From the line that contains "split=> [D deD epD act | t mut etat rho]." down to the last line of the data below, transcribe every line exactly.
[Provided information — start]
Lemma bilax_comodule_monad {A : Ob K} (b : Hom1 A A) mu eta de ep t mut etat rho :
  is_comodule_monad (@yc K) b mu eta de ep t mut etat rho ->
  is_comodule_monad (@yc K') (F1 F b)
    (F2 F mu · Flax2 F b b) (F2 F eta · Flax0 F A)
    (Fcolax2 F b b · F2 F de) (Fcolax0 F A · F2 F ep)
    (F1 F t) (F2 F mut · Flax2 F t t) (F2 F etat · Flax0 F A)
    (Fcolax2 F t b · F2 F rho).
Proof.
move=> [monadt [comodulet [rho_mult rho_unit]]].
split; first exact: (lax_monad HK' HF).
split; first exact: (colax_right_comodule HK' HF).
split.
- by rewrite -Hcompat (bilax_mid_natural HK' HF) rho_mult !(vcompA HK') F2_vcompl.
- by rewrite (bilax_unit_natural HK' HF) -rho_unit !(vcompA HK') F2_vcompl.
Qed.

End CompatibleBilaxFunctor.

Theorem proposition4p15 (K K' : YBTwoCat) (F : BilaxData K K')
  (HF : is_bilax K K' F) (Hcompat : compatible_YB F)
  (A : Ob K) (b : Hom1 A A) (mu : Hom2 (b ∘ b) b) (eta : Hom2 (id1 A) b)
  (de : Hom2 b (b ∘ b)) (ep : Hom2 b (id1 A))
  (Hb : is_bimonad (@yc K) b mu eta de ep) :
  (* (i) module comonads *)
  (forall (D : Hom1 A A) (deD : Hom2 D (D ∘ D)) (epD : Hom2 D (id1 A))
          (act : Hom2 (D ∘ b) D),
     is_module_comonad (@yc K) b mu eta de ep D deD epD act ->
     is_module_comonad (@yc K') (F1 F b)
       (F2 F mu · Flax2 F b b) (F2 F eta · Flax0 F A)
       (Fcolax2 F b b · F2 F de) (Fcolax0 F A · F2 F ep)
       (F1 F D) (Fcolax2 F D D · F2 F deD) (Fcolax0 F A · F2 F epD)
       (F2 F act · Flax2 F D b))
  /\
  (* (ii) comodule monads *)
  (forall (t : Hom1 A A) (mut : Hom2 (t ∘ t) t) (etat : Hom2 (id1 A) t)
          (rho : Hom2 t (t ∘ b)),
     is_comodule_monad (@yc K) b mu eta de ep t mut etat rho ->
     is_comodule_monad (@yc K') (F1 F b)
       (F2 F mu · Flax2 F b b) (F2 F eta · Flax0 F A)
       (Fcolax2 F b b · F2 F de) (Fcolax0 F A · F2 F ep)
       (F1 F t) (F2 F mut · Flax2 F t t) (F2 F etat · Flax0 F A)
       (Fcolax2 F t b · F2 F rho)).
Proof.
split=> [D deD epD act | t mut etat rho].
- exact: (bilax_module_comonad HF Hcompat).
- exact: (bilax_comodule_monad HF Hcompat).
Qed.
[Provided information — finish]
Answer section -
split=> [D deD epD act | t mut etat rho].
- exact: (bilax_module_comonad HF Hcompat).
- exact: (bilax_comodule_monad HF Hcompat).
Qed.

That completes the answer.